This is a horse that's been flogged to death. The subscription model is being adopted by just about everyone now. I had two financial software apps switch this year. Office 360 went to it a tear or so ago.


----------



## Fujidave (Jun 4, 2019)

I use to have the Adobe Photography Plan, then I got the LR6 Standalone as jumped from Canon to Fuji so stopped the plan.  Then I upgraded my Fuji kit and thought new cameras so new editing software and I now use Capture one Pro 12 and Affinity Photo and don`t have to worry about paying out.


----------



## Derrel (Jun 4, 2019)

Adobe has made its bed. They can lie in it.  Still using a standalone version of Lightroom, with the Adobe DNG converter for my raw files.


----------



## RVT1K (Jun 4, 2019)

Being a rank amateur, I only have a fairly old version (7?) of Elements that I bought years ago. It works fine for what I do.


----------



## Derrel (Jun 4, 2019)

Anxious to see how the future plays out. My hunch is that years ago, Adobe took its first step toward killing the goose that lays the golden eggs.


----------



## Raw photographer (Jun 4, 2019)

Derrel said:


> Anxious to see how the future plays out. My hunch is that years ago, Adobe took its first step toward killing the goose that lays the golden eggs.

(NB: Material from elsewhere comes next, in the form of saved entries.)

(* Tuples indexed by ['I_r] cover the nonempty meets of fewer than [r.+1]
   elements; the empty meet (top) and empty join (bottom) are accounted for by
   [prime_filter_inhabited] and [prime_filter_proper]. *)
Record prime_filter (F : P -> Prop) : Prop := PrimeFilter {
  prime_filter_inhabited : exists z, F z;
  prime_filter_proper : exists w, ~ F w;
  prime_filter_up : forall p q, F p -> p <= q -> F q;
  prime_filter_meet : forall (a : 'I_r -> P) c,
    (forall j, F (a j)) -> is_meet (range_of a) c -> F c;
  prime_filter_join : forall (b : 'I_s -> P) z,
    F z -> is_join (range_of b) z -> exists i, F (b i) }.

Lemma subset_rcons2 (xs ys : seq P) c :
  {subset xs <= ys} -> {subset rcons xs c <= rcons ys c}.
Proof.
by move=> sub w; rewrite !mem_rcons !inE => /orP[->|/sub->]; rewrite ?orbT.
Qed.

Lemma phi_subset n (xs ys : seq P) y :
  {subset xs <= ys} -> phi r s n ys y -> phi r s n xs y.
Proof.
elim: n xs ys => [|n IH] xs ys sub /=; first by apply: contra => /sub.
move=> H a b c; have [Hsigma [Htau Hrho]] := H a b c; split; [|split].
- move=> [z [zx zc]]; apply: IH (Hsigma _); first exact: subset_rcons2.
  by exists z; split; first exact: sub.
- move=> [Ha Hm]; apply: IH (Htau _); first exact: subset_rcons2.
  by split=> // j; apply: sub.
- move=> [z [zx zb]]; have [i Hi] := Hrho (ex_intro _ z (conj (sub _ zx) zb)).
  by exists i; apply: IH Hi; exact: subset_rcons2.
Qed.

Lemma phi_succ n (xs : seq P) y z :
  z \in xs -> phi r s n.+1 xs y -> phi r s n xs y.
Proof.
elim: n xs z => [|n IH] xs z zx /=.
  move=> /(_ (fun _ => z) (fun _ => z) z) [Hsigma _].
  have := Hsigma (ex_intro _ z (conj zx (lexx z))).
  by rewrite mem_rcons inE negb_or => /andP[].
have c_in c : c \in rcons xs c by rewrite mem_rcons mem_head.
move=> H a b c; have [Hsigma [Htau Hrho]] := H a b c; split; [|split].
- by move=> hz; apply: IH (c_in c) (Hsigma hz).
- by move=> hz; apply: IH (c_in c) (Htau hz).
- by move=> /Hrho[i Hi]; exists i; apply: IH (c_in (b i)) Hi.
Qed.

Yes i agree 100% with that.


----------



## smoke665 (Jun 4, 2019)

IRS guidelines define the useful life of internally used software as 2 years. I've found over the years I could stretch it to 3 in some cases. The problem is not just the software itself, but compatibility with the current operating system. Case in point I had a license remaining on a corporate version of a security software that included lifetime library updates. When the Windows Creator edition came out it was no longer compatible. No choice but to update.

@Derrel if Adobe kills the goose, then they won't be alone. The vast number of business software out there (other then proprietary corporate software) is now on the subscription model, as are most of the more popular consumer software.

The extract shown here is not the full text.